***** Provided entries

(* Let $\mathsf{T}$ be a rooted plane tree with $n\geq 2$ nodes and root $\mathfrak{r}$. Let $C^*\in\mathcal{M}_\mathsf{T}$ be a maximal chain with $|C^*|+f_{C^*}(\mathfrak{r})=\max_{C\in\mathcal{M}_\mathsf{T}}(|C|+f_C(\mathfrak{r}))$, and let $k=f_{C^*}(\mathfrak{r})$. Let $v_0=\mathfrak{r},v_1,\dots,v_{|C^*|-1}$ be the nodes of $C^*$ from top to bottom. For $0\leq i\leq|C^*|-2$, let $B_i=\{u\in\mathsf{T}\setminus C^*:u\leq_\mathsf{T} v_i,\ u\not\leq_\mathsf{T} v_{i+1}\}$. Define a partial order $\sqsubseteq$ on $\mathsf{T}\setminus C^*$ by: for $x\in B_i$, $y\in B_j$, if $i>j$ then $x\sqsubseteq y$; if $i=j$ then $x\sqsubseteq y$ iff $x\geq_\mathsf{T} y$. Let $v_{|C^*|},v_{|C^*|+1},\dots,v_{|\mathsf{T}|-1}$ be an ordering of $\mathsf{T}\setminus C^*$ such that $a\leq b$ whenever $v_a\sqsubseteq v_b$. Then for each integer $0\leq i<k$, the nodes $v_{|C^*|},v_{|C^*|+1},\dots,v_{|C^*|+k-i-1}$ are descendants of $v_{i+1}$.
   Context: A rooted plane tree $\mathsf{T}$ is a finite tree with a distinguished root $\mathfrak{r}$, regarded as a poset $\leq_\mathsf{T}$ in which $v'\leq_\mathsf{T} v$ iff $v$ lies on the path from $v'$ to $\mathfrak{r}$. $\Delta_\mathsf{T}(v)=\{v':v'\leq_\mathsf{T} v\}$; a descendant of $v$ is an element of $\Delta_\mathsf{T}(v)\setminus\{v\}$; a leaf is a node with no descendants. $\mathcal{M}_\mathsf{T}$ is the set of maximal chains of $\mathsf{T}$ (paths from a leaf to the root). For $C\in\mathcal{M}_\mathsf{T}$ and $v\in C$: $\mathrm{height}_C(v)$ is the number of elements of $C$ strictly below $v$; if $v$ is not a leaf, $\mathrm{ch}_C(v)$ is the unique element of $C$ covered by $v$; $b_C(v)=|\Delta_\mathsf{T}(v)|-\mathrm{height}_C(v)-1$. The function $f_C\colon C\to\mathbb{Z}_{\geq 0}$ is defined recursively: $f_C(v)=0$ if $v$ is a leaf; otherwise, with $w=\mathrm{ch}_C(v)$, $f_C(v)=f_C(w)+1$ if $f_C(w)+1\leq b_C(w)$, and $f_C(v)=f_C(w)$ otherwise. *)

From mathcomp Require Import all_boot.
Set Implicit Arguments. Unset Strict Implicit. Unset Printing Implicit Defensive.

(* A rooted tree on a finite node type V: root r, parent map par with
   par r = r, and every node reaches the root by iterating par.
   (The planar ordering of children plays no role in the statement.) *)
Definition is_rooted_tree (V : finType) (r : V) (par : V -> V) : Prop :=
  par r = r /\ forall v : V, exists k, iter k par v = r.

Section Tree.
Variables (V : finType) (r : V) (par : V -> V).

(* u <=_T v  iff v lies on the path from u to the root
   (path lengths in a tree on V are < #|V|). *)
Definition tle (u v : V) : bool := [exists k : 'I_#|V|.+1, iter k par u == v].

Definition Delta (v : V) : {set V} := [set u | tle u v].

Definition descendant (u v : V) : bool := tle u v && (u != v).

Definition leafb (v : V) : bool := [forall u, tle u v ==> (u == v)].

Definition is_maxchain (C : {set V}) : Prop :=
  exists2 l : V, leafb l & C = [set v | tle l v].

Definition height (C : {set V}) (v : V) : nat :=
  #|[set u in C | descendant u v]|.

Definition ch (C : {set V}) (v : V) : option V :=
  [pick w in C | (par w == v) && (w != v)].

Definition bC (C : {set V}) (v : V) : nat := #|Delta v| - height C v - 1.

Fixpoint f_fuel (C : {set V}) (n : nat) (v : V) : nat :=
  match n with
  | 0 => 0
  | n'.+1 =>
      if leafb v then 0 else
      match ch C v with
      | None => 0
      | Some w => let x := f_fuel C n' w in
                  if x.+1 <= bC C w then x.+1 else x
      end
  end.

(* f_C(v); recursion depth is height_C(v) < #|V| *)
Definition fC (C : {set V}) (v : V) : nat := f_fuel C #|V| v.

Definition Bset (Cs : {set V}) (vv : nat -> V) (i : nat) : {set V} :=
  [set u | (u \notin Cs) && tle u (vv i) && ~~ tle u (vv i.+1)].

Definition sqle (Cs : {set V}) (vv : nat -> V) (x y : V) : Prop :=
  exists i j, [/\ i.+2 <= #|Cs|, j.+2 <= #|Cs|, x \in Bset Cs vv i,
                  y \in Bset Cs vv j &
                  (j < i) \/ (i = j /\ tle y x)].
End Tree.

From mathcomp Require Import all_boot zify.

(* Let b(w) be the number of nodes below w that are off the chain C*; for w on
   C* this is b_{C*}(w).  Along C* = v_0 > v_1 > ..., the recursion for f gives
   f(v_j) <= f(v_{j+1}) + 1 and f(v_j) <= b(v_{j+1}), hence
   k - i <= f(v_i) <= b(v_{i+1}) for i < k.  An off-chain node below v_{i+1}
   lies in a block B_j with j > i, an off-chain node not below v_{i+1} in a
   block B_j with j <= i, so the former all precede the latter in the
   enumeration of T \ C*: the first b(v_{i+1}) >= k - i of them are below
   v_{i+1}. *)

Section RootedTree.
Local Set Implicit Arguments.
Local Unset Strict Implicit.
Variables (V : finType) (r : V) (par : V -> V).
Hypothesis tree : is_rooted_tree r par.

Lemma iter_par_root n : iter n par r = r.
Proof. by elim: n => //= n ->; case: tree. Qed.

Lemma reach_root_lt_card u : exists2 d, d < #|V| & iter d par u = r.
Proof.
have [d0 reach_d0] := tree.2 u.
have reach : exists d, iter d par u == r by exists d0; apply/eqP.
case: (ex_minnP reach) => d /eqP reach_d min_d.
exists d => //.
pose f (i : 'I_d.+1) := iter i par u.
suff /leq_card : injective f by rewrite card_ord.
have early_root i j : i < j <= d -> iter i par u = iter j par u -> False.
  move=> /andP[ij jd] eq_ij.
  have /eqP : iter (d - j + i) par u = r by rewrite iterD eq_ij -iterD subnK.
  by move/min_d; lia.
move=> i j eq_ij; apply/val_inj.
case: (ltngtP i j) => // [ij | ji]; exfalso.
- by apply: (early_root i j) => //; rewrite ij -ltnS ltn_ord.
- by apply: (early_root j i) => //; rewrite ji -ltnS ltn_ord.
Qed.

Lemma tleP u w : reflect (exists k, iter k par u = w) (tle par u w).
Proof.
apply: (iffP existsP) => [[k /eqP <-]|[k <-]]; first by exists k.
have [d d_lt reach_d] := reach_root_lt_card u.
case: (leqP k d) => [kd | dk].
  have k_lt : k < #|V|.+1 by lia.
  by exists (Ordinal k_lt).
have d_lt' : d < #|V|.+1 by lia.
exists (Ordinal d_lt'); apply/eqP => /=.
by rewrite -(subnK (ltnW dk)) iterD reach_d iter_par_root.
Qed.

Lemma tle_refl u : tle par u u.
Proof. by apply/tleP; exists 0. Qed.

Lemma tle_trans : transitive (tle par).
Proof.
move=> w u x /tleP[p <-] /tleP[q <-].
by apply/tleP; exists (q + p); rewrite iterD.
Qed.

Lemma tle_root u : tle par u r.
Proof. exact/tleP/tree.2. Qed.

Lemma tle_par u : tle par u (par u).
Proof. by apply/tleP; exists 1. Qed.

Lemma Delta_sub_par u : Delta par u \subset Delta par (par u).
Proof.
by apply/subsetP => x; rewrite !inE => /tle_trans; apply; apply: tle_par.
Qed.

Lemma bC_offchain (C : {set V}) w :
  w \in C -> bC par C w = #|Delta par w :\: C|.
Proof.
move=> wC; rewrite /bC /height.
have DC : Delta par w :&: C = w |: [set u in C | descendant par u w].
  apply/setP => u; rewrite !inE /descendant.
  by case: (eqVneq u w) => [->|_]; rewrite ?tle_refl ?wC // andbT andbC.
have := cardsID C (Delta par w).
rewrite DC cardsU1 inE /descendant eqxx !andbF /=; lia.
Qed.

Lemma f_fuel_le_offchain (C : {set V}) n w :
  f_fuel par C n w <= #|Delta par w :\: C|.
Proof.
elim: n w => [//|n IH] w /=; case: leafb => //.
rewrite /ch; case: pickP => [w' /andP[w'C /andP[/eqP <- _]] | //].
have le_b : f_fuel par C n w' <= bC par C w' by rewrite bC_offchain.
have b_le : bC par C w' <= #|Delta par (par w') :\: C|.
  by rewrite bC_offchain // subset_leq_card // setSD // Delta_sub_par.
case: ifP => [lt_b | _]; first exact: leq_trans lt_b b_le.
exact: leq_trans le_b b_le.
Qed.

Section ChainEnumeration.
Variables (Cs : {set V}) (v : nat -> V).
Hypothesis maxchain : is_maxchain par Cs.
Hypothesis v0 : v 0 = r.
Hypothesis vC : forall i, i < #|Cs| -> v i \in Cs.
Hypothesis vpar : forall i, i.+1 < #|Cs| -> par (v i.+1) = v i.
Hypothesis vinj : forall a b, a < #|V| -> b < #|V| -> v a = v b -> a = b.

Local Notation m := #|Cs|.

Lemma chain_size_gt0 : 0 < m.
Proof.
by have [l _ ->] := maxchain; apply/card_gt0P; exists l; rewrite inE tle_refl.
Qed.

Lemma iter_par_enum d p : p + d < m -> iter d par (v (p + d)) = v p.
Proof.
elim: d => [|d IH] lt; first by rewrite addn0.
by rewrite iterSr addnS vpar ?IH //; lia.
Qed.

Lemma tle_enum p q : p <= q < m -> tle par (v q) (v p).
Proof.
move=> /andP[pq qm]; apply/tleP; exists (q - p).
by have := @iter_par_enum (q - p) p; rewrite subnKC //; apply.
Qed.

Lemma enum_onto x : x \in Cs -> exists2 p, p < m & v p = x.
Proof.
pose S := [set v (nat_of_ord p) | p : 'I_m].
have m_le : m <= #|V| := max_card Cs.
have SCs : S \subset Cs by apply/subsetP => _ /imsetP[p _ ->]; apply: vC.
have card_S : #|S| = m.
  rewrite card_imset ?card_ord // => p q /vinj eq_pq.
  by apply/val_inj/eq_pq; apply: leq_trans m_le.
have S_eq : S = Cs by apply/eqP; rewrite eqEcard SCs card_S leqnn.
move=> xCs; have /imsetP[p _ ->] : x \in S by rewrite S_eq.
by exists p.
Qed.

Lemma enum_offchain a : m <= a < #|V| -> v a \notin Cs.
Proof.
move=> /andP[ma aV]; apply/negP => /enum_onto[p pm /vinj eq_pa].
by have := eq_pa (leq_trans pm (max_card Cs)) aV; lia.
Qed.

Lemma offchain_not_below_last u : u \notin Cs -> ~~ tle par u (v m.-1).
Proof.
have [l leaf_l Cs_def] := maxchain.
have lCs : l \in Cs by rewrite Cs_def inE tle_refl.
have [p pm vp] := enum_onto lCs.
have last_l : v m.-1 = l.
  have : tle par (v m.-1) (v p) by apply: tle_enum; lia.
  by rewrite vp => /(implyP (forallP leaf_l _))/eqP.
move=> uCs; apply/negP; rewrite last_l => /(implyP (forallP leaf_l _))/eqP ul.
by rewrite ul lCs in uCs.
Qed.

Lemma ch_enum j :
  j < m -> ch par Cs (v j) = if j.+1 < m then Some (v j.+1) else None.
Proof.
have m_le : m <= #|V| := max_card Cs.
move=> jm; rewrite /ch.
case: pickP => [w /andP[wCs /andP[/eqP par_w w_ne]] | no_child].
  have [[|p] pm vp] := enum_onto wCs; rewrite -vp in par_w w_ne.
    by rewrite -par_w v0 tree.1 eqxx in w_ne.
  rewrite vpar // in par_w.
  have p_lt : p < #|V| by lia.
  have j_lt : j < #|V| by lia.
  by move: vp pm; rewrite (vinj p_lt j_lt par_w) => <- ->.
case: ifP => // j1m; have := no_child (v j.+1).
rewrite vC // vpar // eqxx /=; case: eqP => // /vinj; lia.
Qed.

Lemma f_fuel_enum_bound n j d :
  j < m -> d < f_fuel par Cs n (v j) ->
  (j + d).+1 < m /\
  f_fuel par Cs n (v j) - d <= #|Delta par (v (j + d).+1) :\: Cs|.
Proof.
elim: n j d => [//|n IH] j d jm /=; case: leafb => //.
rewrite ch_enum //; case: ifP => // j1m.
rewrite bC_offchain ?vC //.
have := f_fuel_le_offchain Cs n (v j.+1).
set x := f_fuel par Cs n (v j.+1); set b := #|_ :\: Cs| => x_le.
case: d => [|d] lt.
  by rewrite addn0 subn0; split => //; case: ifP; lia.
have d_lt : d < x by move: lt; case: ifP; lia.
have [lt_m le_S] := IH j.+1 d j1m d_lt.
rewrite addnS -addSn; split => //.
by apply: leq_trans le_S; case: ifP; lia.
Qed.

Lemma branch_index u : u \notin Cs ->
  exists j, [/\ j.+2 <= m, u \in Bset par Cs v j &
                forall p, p < m -> tle par u (v p) -> p <= j].
Proof.
move=> uCs.
pose below p := (p < m) && tle par u (v p).
have below0 : exists p, below p.
  by exists 0; rewrite /below chain_size_gt0 v0 tle_root.
have below_bounded p : below p -> p <= m by case/andP => /ltnW.
have [j /andP[jm uj] j_max] := ex_maxnP below0 below_bounded.
have j_last : j != m.-1.
  by move: (offchain_not_below_last uCs); apply: contraNneq => <-.
exists j; split; first by lia.
  rewrite inE uCs uj /=; apply/negP => uj1.
  have : below j.+1 by rewrite /below uj1 andbT; lia.
  by move/j_max; rewrite ltnn.
by move=> p pm up; apply: j_max; rewrite /below pm.
Qed.

Lemma sqle_below_not_below i y x :
  i.+1 < m -> y \notin Cs -> tle par y (v i.+1) ->
  x \notin Cs -> ~~ tle par x (v i.+1) -> sqle par Cs v y x.
Proof.
move=> im yCs yi xCs xi.
have [jy [jy_lt y_jy jy_max]] := branch_index yCs.
have [jx [jx_lt x_jx _]] := branch_index xCs.
exists jy, jx; split => //; left.
have i_jy := jy_max _ im yi.
rewrite ltnNge; apply: contra xi => jx_i.
move: x_jx; rewrite inE => /andP[/andP[_ /tle_trans]] + _; apply.
by apply: tle_enum; lia.
Qed.

Section Ordering.
Hypothesis vsurj : forall u : V, exists2 a, a < #|V| & v a = u.
Hypothesis sqle_ord : forall a b, m <= a < #|V| -> m <= b < #|V| ->
  sqle par Cs v (v a) (v b) -> a <= b.

Lemma card_offchain_below_le i a :
  i.+1 < m -> m <= a < #|V| -> ~~ tle par (v a) (v i.+1) ->
  #|Delta par (v i.+1) :\: Cs| <= a - m.
Proof.
move=> im /andP[ma aV] a_i.
have aCs : v a \notin Cs by apply: enum_offchain; rewrite ma.
suff sub : Delta par (v i.+1) :\: Cs \subset [seq v b | b <- iota m (a - m)].
  apply: leq_trans (subset_leq_card sub) _.
  by apply: leq_trans (card_size _) _; rewrite size_map size_iota.
apply/subsetP => y; rewrite !inE => /andP[yCs yi].
have [b bV vb] := vsurj y.
have mb : m <= b by rewrite leqNgt; apply: contra yCs => bm; rewrite -vb vC.
have ba : b <= a.
  apply: sqle_ord; rewrite ?mb ?ma ?bV ?aV //= vb.
  exact: sqle_below_not_below im yCs yi aCs a_i.
have b_ne_a : b != a by move: a_i; apply: contraNneq => <-; rewrite vb.
by apply/mapP; exists b => //; rewrite mem_iota; lia.
Qed.

End Ordering.
End ChainEnumeration.
End RootedTree.

Theorem lemma3p1 (V : finType) (r : V) (par : V -> V)
  (Htree : is_rooted_tree r par) (Hn : 2 <= #|V|)
  (Cs : {set V}) (HCs : is_maxchain par Cs)
  (Hmax : forall C : {set V}, is_maxchain par C ->
            #|C| + fC par C r <= #|Cs| + fC par Cs r)
  (v : nat -> V)
  (Hinj : forall a b, a < #|V| -> b < #|V| -> v a = v b -> a = b)
  (Hsurj : forall u : V, exists2 a, a < #|V| & v a = u)
  (Hv0 : v 0 = r)
  (HvC : forall i, i < #|Cs| -> v i \in Cs)
  (Hvpar : forall i, i.+1 < #|Cs| -> par (v i.+1) = v i)
  (Hord : forall a b, #|Cs| <= a < #|V| -> #|Cs| <= b < #|V| ->
            sqle par Cs v (v a) (v b) -> a <= b) :
  let k := fC par Cs r in
  forall i, i < k -> forall a, #|Cs| <= a < #|Cs| + (k - i) ->
    descendant par (v a) (v i.+1).
Proof.
move=> k i ik a; rewrite /k /fC -Hv0 in ik * => /andP[ma a_lt].
have [im offchain_ge] :=
  f_fuel_enum_bound Htree Hv0 HvC Hvpar Hinj (chain_size_gt0 Htree HCs) ik.
rewrite add0n in im offchain_ge.
have offchain_le : #|Delta par (v i.+1) :\: Cs| <= #|V| - #|Cs|.
  by rewrite -(cardsC Cs) addKn subset_leq_card // setDE subsetIr.
have a_range : #|Cs| <= a < #|V| by rewrite ma; lia.
have aCs : v a \notin Cs := enum_offchain HvC Hinj a_range.
apply/andP; split; last by apply: contraNneq aCs => ->; apply: HvC.
apply: contraT => a_i.
have := card_offchain_below_le Htree HCs Hv0 HvC Hvpar Hinj Hsurj Hord
  im a_range a_i.
lia.
Qed.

**********

## What the task requires:
Copy, exactly and only, the lines above that begin with the one containing "match n with" and finish with the one containing "exists d => //.".

## Response area:
  match n with
  | 0 => 0
  | n'.+1 =>
      if leafb v then 0 else
      match ch C v with
      | None => 0
      | Some w => let x := f_fuel C n' w in
                  if x.+1 <= bC C w then x.+1 else x
      end
  end.

(* f_C(v); recursion depth is height_C(v) < #|V| *)
Definition fC (C : {set V}) (v : V) : nat := f_fuel C #|V| v.

Definition Bset (Cs : {set V}) (vv : nat -> V) (i : nat) : {set V} :=
  [set u | (u \notin Cs) && tle u (vv i) && ~~ tle u (vv i.+1)].

Definition sqle (Cs : {set V}) (vv : nat -> V) (x y : V) : Prop :=
  exists i j, [/\ i.+2 <= #|Cs|, j.+2 <= #|Cs|, x \in Bset Cs vv i,
                  y \in Bset Cs vv j &
                  (j < i) \/ (i = j /\ tle y x)].
End Tree.

From mathcomp Require Import all_boot zify.

(* Let b(w) be the number of nodes below w that are off the chain C*; for w on
   C* this is b_{C*}(w).  Along C* = v_0 > v_1 > ..., the recursion for f gives
   f(v_j) <= f(v_{j+1}) + 1 and f(v_j) <= b(v_{j+1}), hence
   k - i <= f(v_i) <= b(v_{i+1}) for i < k.  An off-chain node below v_{i+1}
   lies in a block B_j with j > i, an off-chain node not below v_{i+1} in a
   block B_j with j <= i, so the former all precede the latter in the
   enumeration of T \ C*: the first b(v_{i+1}) >= k - i of them are below
   v_{i+1}. *)

Section RootedTree.
Local Set Implicit Arguments.
Local Unset Strict Implicit.
Variables (V : finType) (r : V) (par : V -> V).
Hypothesis tree : is_rooted_tree r par.

Lemma iter_par_root n : iter n par r = r.
Proof. by elim: n => //= n ->; case: tree. Qed.

Lemma reach_root_lt_card u : exists2 d, d < #|V| & iter d par u = r.
Proof.
have [d0 reach_d0] := tree.2 u.
have reach : exists d, iter d par u == r by exists d0; apply/eqP.
case: (ex_minnP reach) => d /eqP reach_d min_d.
exists d => //.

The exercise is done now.